(Beginning of Material supplied)

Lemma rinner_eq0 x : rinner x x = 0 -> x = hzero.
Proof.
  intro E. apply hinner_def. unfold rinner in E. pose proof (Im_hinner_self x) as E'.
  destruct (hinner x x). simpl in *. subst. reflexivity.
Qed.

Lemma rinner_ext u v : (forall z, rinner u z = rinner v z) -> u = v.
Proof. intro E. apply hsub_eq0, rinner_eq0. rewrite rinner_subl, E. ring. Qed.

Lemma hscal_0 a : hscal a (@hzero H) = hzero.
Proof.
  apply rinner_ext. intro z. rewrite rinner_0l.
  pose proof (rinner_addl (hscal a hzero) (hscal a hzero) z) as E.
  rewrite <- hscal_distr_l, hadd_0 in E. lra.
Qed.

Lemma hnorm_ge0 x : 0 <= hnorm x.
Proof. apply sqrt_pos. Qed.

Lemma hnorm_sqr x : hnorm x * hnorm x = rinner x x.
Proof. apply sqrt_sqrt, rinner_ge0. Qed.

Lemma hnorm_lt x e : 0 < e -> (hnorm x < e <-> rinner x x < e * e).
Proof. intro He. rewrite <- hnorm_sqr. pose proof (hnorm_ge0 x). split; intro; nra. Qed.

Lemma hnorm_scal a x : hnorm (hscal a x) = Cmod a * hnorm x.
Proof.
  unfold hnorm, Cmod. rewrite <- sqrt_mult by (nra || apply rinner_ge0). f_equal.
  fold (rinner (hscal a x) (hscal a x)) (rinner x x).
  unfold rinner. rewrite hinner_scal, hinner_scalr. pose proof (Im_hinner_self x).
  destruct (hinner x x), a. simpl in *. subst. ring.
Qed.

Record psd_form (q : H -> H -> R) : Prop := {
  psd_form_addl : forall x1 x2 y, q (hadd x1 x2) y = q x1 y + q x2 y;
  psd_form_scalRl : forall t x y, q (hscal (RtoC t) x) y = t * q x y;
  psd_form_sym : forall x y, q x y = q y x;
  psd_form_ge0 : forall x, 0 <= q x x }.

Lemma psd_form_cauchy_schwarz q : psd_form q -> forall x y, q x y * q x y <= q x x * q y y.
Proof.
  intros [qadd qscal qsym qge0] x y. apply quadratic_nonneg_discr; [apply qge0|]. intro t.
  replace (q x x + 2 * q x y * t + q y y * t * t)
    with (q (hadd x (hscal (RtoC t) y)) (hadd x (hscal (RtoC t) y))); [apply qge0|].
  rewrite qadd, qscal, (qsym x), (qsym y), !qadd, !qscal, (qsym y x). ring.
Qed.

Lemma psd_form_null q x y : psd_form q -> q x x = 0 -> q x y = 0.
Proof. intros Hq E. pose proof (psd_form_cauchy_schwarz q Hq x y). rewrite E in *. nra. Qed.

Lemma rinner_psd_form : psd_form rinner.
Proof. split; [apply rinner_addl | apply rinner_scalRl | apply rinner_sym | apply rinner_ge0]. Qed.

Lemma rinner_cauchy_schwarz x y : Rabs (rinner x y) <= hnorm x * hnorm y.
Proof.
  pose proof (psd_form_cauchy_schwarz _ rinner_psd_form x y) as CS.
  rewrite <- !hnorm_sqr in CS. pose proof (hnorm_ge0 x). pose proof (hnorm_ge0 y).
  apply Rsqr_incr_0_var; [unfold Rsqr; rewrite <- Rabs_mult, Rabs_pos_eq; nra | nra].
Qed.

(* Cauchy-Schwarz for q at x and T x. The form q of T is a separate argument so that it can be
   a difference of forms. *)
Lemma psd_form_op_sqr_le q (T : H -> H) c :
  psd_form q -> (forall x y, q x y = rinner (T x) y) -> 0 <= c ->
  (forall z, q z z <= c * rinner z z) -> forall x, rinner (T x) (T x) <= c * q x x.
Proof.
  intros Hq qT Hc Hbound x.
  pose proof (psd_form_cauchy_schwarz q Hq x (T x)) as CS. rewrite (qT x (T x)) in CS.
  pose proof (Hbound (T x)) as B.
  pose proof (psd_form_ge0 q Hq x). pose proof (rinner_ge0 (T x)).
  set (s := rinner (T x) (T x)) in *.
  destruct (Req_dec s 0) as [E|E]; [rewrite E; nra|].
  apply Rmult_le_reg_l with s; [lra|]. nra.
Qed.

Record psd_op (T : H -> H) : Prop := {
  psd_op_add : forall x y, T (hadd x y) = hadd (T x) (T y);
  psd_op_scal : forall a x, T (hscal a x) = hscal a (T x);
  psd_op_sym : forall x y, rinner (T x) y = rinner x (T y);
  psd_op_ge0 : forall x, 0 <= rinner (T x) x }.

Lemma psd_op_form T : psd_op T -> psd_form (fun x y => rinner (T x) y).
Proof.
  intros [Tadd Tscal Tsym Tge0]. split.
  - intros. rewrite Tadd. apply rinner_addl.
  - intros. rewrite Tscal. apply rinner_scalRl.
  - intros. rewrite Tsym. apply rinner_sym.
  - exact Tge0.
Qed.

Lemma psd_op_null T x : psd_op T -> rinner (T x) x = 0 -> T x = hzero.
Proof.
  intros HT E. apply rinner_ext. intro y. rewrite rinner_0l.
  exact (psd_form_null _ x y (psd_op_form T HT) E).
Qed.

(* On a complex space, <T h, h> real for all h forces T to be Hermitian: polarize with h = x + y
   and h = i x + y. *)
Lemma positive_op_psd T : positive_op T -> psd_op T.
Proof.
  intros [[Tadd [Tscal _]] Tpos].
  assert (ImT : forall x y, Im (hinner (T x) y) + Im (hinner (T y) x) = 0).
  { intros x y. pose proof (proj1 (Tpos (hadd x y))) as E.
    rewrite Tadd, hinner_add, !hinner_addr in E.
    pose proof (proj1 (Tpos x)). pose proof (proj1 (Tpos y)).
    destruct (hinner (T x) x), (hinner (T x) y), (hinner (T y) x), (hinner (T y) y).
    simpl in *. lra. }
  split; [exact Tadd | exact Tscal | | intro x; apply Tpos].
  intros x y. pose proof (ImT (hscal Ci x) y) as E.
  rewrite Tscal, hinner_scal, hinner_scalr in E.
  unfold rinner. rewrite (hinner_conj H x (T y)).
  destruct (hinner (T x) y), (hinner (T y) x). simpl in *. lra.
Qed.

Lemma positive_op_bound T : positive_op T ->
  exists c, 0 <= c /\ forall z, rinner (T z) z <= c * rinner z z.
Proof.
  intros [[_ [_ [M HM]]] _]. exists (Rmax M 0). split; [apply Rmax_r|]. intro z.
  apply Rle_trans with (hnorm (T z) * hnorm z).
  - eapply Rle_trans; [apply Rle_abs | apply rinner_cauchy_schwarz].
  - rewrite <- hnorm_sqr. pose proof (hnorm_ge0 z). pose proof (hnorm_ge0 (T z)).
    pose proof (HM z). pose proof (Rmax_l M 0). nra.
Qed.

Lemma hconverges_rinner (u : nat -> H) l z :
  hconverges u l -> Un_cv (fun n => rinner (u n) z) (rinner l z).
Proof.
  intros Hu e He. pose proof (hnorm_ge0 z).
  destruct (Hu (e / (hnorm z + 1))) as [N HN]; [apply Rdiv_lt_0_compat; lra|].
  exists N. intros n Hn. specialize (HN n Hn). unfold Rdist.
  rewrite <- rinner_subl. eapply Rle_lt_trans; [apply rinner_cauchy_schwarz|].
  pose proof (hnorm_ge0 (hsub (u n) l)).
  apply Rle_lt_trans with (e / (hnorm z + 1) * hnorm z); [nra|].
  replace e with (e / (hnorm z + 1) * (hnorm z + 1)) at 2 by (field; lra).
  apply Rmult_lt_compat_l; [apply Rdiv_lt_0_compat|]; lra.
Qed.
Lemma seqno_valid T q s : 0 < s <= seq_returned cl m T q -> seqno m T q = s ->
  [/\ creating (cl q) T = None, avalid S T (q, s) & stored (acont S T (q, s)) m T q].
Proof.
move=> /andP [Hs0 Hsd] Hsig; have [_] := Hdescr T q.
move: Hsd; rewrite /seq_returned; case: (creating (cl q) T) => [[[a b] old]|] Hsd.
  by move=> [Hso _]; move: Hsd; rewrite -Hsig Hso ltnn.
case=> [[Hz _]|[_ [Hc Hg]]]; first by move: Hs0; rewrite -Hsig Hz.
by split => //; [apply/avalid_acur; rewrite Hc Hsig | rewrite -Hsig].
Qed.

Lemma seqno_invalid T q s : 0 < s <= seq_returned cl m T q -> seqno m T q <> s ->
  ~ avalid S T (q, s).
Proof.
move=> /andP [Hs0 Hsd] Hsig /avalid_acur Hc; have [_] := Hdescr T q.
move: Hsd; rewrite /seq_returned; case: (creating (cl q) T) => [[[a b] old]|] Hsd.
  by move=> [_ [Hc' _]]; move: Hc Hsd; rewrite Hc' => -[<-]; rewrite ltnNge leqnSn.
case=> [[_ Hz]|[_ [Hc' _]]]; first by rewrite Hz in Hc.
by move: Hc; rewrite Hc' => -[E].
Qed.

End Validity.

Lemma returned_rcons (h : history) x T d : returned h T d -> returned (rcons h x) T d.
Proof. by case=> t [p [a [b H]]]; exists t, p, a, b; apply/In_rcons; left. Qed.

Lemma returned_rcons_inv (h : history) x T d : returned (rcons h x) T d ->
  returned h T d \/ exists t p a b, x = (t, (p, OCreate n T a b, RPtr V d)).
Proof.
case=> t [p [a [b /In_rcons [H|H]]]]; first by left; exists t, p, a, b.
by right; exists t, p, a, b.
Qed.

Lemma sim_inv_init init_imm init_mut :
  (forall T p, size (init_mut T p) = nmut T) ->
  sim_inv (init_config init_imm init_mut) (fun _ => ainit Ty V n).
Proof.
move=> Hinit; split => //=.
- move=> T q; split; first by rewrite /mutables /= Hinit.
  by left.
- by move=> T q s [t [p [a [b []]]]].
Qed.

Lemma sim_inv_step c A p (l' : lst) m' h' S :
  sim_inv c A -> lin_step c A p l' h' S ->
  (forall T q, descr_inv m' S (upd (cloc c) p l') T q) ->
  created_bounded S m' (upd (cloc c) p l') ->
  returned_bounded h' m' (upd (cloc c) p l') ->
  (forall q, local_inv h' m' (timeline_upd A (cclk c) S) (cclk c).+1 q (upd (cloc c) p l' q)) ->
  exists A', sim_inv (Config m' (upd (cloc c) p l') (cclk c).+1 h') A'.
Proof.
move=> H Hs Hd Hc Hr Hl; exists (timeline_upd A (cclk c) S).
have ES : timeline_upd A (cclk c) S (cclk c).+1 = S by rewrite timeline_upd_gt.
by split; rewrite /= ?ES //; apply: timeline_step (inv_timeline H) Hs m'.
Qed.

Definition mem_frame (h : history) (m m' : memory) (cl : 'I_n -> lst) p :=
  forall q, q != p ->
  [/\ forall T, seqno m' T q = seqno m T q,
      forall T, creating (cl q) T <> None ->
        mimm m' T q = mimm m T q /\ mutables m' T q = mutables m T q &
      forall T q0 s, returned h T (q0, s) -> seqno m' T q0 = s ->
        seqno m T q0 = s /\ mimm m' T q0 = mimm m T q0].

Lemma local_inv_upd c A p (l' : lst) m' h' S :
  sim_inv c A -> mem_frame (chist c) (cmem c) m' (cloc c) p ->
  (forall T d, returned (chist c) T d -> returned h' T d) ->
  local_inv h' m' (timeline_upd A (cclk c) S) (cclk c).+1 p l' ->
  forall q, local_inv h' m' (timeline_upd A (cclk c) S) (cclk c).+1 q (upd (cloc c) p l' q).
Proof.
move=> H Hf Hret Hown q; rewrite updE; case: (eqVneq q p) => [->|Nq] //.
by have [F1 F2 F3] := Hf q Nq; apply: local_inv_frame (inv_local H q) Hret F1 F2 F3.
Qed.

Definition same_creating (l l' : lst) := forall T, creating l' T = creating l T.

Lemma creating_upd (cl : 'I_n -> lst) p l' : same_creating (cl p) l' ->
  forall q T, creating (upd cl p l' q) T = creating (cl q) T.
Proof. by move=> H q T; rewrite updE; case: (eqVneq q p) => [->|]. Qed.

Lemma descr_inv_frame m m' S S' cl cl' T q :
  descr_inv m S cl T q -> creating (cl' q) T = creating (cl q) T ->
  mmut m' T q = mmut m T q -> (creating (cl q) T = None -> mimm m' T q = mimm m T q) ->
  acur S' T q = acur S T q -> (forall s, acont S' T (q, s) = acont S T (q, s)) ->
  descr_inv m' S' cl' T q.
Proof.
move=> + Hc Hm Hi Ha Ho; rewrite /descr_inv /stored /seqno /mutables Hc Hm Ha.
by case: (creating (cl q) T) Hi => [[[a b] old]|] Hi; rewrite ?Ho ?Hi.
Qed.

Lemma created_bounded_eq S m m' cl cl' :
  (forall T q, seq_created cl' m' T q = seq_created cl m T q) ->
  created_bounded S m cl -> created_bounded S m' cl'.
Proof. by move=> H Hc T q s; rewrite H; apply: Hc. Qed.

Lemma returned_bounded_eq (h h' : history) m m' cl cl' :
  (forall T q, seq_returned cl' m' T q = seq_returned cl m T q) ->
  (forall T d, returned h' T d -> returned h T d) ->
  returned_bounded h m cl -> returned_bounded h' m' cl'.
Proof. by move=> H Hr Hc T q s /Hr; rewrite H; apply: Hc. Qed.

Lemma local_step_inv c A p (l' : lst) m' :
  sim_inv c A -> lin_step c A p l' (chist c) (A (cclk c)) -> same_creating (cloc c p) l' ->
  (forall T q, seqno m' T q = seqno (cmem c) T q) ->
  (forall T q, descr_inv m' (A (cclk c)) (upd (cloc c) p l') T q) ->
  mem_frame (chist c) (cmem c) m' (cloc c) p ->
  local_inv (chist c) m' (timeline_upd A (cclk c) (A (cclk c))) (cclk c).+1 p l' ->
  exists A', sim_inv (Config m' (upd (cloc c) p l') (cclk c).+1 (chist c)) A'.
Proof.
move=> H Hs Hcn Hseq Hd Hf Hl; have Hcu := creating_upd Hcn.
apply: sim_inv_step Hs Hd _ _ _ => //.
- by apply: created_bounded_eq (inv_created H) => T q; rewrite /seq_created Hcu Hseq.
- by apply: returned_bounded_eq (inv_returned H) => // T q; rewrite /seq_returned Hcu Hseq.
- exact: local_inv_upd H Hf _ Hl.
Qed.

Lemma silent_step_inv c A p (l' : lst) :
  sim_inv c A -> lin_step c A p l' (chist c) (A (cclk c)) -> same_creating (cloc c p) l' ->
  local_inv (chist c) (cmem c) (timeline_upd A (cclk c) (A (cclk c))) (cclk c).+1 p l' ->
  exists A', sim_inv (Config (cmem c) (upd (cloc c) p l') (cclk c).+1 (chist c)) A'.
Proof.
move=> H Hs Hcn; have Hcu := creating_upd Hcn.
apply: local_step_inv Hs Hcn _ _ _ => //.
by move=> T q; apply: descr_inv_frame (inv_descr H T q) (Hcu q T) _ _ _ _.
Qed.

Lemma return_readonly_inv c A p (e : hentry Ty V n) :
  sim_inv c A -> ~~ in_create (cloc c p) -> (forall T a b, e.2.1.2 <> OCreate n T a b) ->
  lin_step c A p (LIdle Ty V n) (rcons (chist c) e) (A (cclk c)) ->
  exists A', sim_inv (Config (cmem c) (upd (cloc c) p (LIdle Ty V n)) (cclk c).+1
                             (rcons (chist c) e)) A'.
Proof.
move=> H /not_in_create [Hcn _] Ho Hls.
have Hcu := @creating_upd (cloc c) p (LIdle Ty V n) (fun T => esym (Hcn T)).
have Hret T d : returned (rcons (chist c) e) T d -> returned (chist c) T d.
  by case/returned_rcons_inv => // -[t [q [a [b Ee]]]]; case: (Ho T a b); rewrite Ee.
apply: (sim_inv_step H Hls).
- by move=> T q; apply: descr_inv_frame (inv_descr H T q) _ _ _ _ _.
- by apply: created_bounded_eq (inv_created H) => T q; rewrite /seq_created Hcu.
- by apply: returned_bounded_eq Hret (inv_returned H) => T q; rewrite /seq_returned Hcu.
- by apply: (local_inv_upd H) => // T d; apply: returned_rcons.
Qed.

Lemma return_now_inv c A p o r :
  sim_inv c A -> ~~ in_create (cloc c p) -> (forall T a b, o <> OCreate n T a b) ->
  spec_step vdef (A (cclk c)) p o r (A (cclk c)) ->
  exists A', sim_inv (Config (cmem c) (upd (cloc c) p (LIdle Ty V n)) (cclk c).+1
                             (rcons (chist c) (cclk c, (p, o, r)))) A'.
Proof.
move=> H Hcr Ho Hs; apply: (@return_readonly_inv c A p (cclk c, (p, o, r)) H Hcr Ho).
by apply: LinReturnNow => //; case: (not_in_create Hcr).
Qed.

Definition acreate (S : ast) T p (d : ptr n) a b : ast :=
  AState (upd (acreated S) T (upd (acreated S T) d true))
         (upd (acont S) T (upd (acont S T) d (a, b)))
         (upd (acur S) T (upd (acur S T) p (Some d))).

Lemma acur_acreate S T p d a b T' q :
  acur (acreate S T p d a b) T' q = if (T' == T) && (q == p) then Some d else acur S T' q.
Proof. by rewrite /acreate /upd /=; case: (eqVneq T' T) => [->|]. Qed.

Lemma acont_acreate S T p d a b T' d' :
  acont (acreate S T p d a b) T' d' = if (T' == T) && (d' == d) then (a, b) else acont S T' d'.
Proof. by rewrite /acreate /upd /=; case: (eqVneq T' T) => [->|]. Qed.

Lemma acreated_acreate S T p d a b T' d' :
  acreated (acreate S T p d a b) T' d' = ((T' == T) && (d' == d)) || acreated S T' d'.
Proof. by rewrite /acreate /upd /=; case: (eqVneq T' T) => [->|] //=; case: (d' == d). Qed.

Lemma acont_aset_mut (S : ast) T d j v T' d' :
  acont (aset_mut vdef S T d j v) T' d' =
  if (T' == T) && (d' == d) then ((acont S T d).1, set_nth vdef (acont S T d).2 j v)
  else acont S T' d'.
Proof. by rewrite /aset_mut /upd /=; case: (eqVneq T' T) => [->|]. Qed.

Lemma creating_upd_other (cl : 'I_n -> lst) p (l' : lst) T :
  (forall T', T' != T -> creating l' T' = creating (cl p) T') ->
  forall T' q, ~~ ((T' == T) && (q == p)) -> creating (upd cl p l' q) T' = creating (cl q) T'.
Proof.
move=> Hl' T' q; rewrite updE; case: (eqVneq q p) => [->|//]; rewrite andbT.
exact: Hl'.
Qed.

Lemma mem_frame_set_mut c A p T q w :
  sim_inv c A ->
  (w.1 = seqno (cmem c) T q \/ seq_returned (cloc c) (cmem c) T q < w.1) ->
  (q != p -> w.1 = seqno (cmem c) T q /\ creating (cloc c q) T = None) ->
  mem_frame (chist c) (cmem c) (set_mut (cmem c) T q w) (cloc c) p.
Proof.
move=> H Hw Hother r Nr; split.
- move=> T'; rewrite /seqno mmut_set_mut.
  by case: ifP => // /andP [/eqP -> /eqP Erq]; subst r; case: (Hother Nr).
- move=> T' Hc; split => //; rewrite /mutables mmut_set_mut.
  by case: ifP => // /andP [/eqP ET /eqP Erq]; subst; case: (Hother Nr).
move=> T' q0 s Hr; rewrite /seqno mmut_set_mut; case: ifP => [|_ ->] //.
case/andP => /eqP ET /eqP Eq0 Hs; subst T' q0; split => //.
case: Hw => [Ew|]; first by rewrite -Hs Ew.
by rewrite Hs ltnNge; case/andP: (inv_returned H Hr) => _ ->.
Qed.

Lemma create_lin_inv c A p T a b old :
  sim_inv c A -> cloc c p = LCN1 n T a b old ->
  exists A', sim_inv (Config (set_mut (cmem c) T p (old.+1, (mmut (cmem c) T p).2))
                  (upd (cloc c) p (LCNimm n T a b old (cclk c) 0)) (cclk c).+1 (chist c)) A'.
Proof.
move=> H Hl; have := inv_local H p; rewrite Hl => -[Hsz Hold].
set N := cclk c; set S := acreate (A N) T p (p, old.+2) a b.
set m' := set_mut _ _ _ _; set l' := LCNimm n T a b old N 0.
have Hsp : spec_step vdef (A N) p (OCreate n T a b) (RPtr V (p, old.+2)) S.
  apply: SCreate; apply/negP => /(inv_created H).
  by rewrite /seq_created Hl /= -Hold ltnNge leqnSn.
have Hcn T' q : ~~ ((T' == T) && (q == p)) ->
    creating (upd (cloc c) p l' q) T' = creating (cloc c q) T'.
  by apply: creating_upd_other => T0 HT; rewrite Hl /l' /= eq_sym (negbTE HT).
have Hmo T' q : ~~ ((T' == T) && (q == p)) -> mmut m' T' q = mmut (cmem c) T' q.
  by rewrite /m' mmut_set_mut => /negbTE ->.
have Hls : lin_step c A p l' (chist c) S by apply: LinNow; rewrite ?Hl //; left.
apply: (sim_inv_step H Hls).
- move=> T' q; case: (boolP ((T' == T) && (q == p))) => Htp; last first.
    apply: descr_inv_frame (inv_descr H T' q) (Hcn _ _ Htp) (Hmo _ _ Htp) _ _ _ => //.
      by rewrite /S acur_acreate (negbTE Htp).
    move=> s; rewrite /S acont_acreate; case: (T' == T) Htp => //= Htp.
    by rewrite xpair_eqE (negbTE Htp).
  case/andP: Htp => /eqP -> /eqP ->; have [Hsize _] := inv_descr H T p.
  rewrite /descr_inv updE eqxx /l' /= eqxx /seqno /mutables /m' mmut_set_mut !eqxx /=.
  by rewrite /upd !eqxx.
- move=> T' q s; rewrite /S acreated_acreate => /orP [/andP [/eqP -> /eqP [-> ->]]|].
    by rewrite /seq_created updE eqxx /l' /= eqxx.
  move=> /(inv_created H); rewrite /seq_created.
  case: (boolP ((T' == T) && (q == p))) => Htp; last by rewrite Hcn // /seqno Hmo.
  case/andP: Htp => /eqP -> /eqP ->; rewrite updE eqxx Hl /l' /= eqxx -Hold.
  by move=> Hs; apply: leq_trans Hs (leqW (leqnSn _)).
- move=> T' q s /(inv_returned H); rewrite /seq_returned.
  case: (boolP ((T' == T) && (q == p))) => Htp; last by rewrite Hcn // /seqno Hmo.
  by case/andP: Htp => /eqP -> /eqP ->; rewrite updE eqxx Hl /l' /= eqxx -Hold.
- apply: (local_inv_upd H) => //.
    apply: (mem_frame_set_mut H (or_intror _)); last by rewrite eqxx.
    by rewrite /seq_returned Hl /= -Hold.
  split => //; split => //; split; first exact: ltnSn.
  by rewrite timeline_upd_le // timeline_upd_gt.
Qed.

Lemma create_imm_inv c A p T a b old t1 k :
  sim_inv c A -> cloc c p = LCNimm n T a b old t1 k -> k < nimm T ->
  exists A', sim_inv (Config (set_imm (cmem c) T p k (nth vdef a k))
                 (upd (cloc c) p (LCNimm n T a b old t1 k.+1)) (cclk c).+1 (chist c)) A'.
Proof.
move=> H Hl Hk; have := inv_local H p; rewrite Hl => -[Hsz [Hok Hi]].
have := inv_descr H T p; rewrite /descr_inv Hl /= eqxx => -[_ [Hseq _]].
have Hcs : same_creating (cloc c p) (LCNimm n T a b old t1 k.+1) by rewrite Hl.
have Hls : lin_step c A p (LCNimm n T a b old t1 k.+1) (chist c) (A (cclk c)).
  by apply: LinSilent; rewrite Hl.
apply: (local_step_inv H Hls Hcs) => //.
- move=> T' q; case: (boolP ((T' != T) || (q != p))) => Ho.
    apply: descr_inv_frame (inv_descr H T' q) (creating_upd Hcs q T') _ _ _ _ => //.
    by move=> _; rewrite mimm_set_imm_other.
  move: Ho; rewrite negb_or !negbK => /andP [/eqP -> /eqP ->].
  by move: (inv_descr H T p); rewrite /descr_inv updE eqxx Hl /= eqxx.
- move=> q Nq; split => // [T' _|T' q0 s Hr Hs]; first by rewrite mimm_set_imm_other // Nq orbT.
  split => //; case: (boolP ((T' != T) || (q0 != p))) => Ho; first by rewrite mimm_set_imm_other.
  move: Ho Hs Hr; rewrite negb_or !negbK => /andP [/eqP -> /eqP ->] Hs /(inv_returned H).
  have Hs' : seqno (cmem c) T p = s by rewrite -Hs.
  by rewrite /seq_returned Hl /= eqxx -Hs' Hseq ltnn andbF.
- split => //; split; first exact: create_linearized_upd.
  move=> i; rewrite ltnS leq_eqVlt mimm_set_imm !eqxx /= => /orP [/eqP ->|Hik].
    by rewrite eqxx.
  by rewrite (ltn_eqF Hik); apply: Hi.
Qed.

(End of Material supplied)

◆ **What the task requires**
Out of the records above, pull each line containing the word "Hret".

◆ **Solution below**
move=> H Hf Hret Hown q; rewrite updE; case: (eqVneq q p) => [->|Nq] //.
by have [F1 F2 F3] := Hf q Nq; apply: local_inv_frame (inv_local H q) Hret F1 F2 F3.
have Hret T d : returned (rcons (chist c) e) T d -> returned (chist c) T d.
- by apply: returned_bounded_eq Hret (inv_returned H) => T q; rewrite /seq_returned Hcu.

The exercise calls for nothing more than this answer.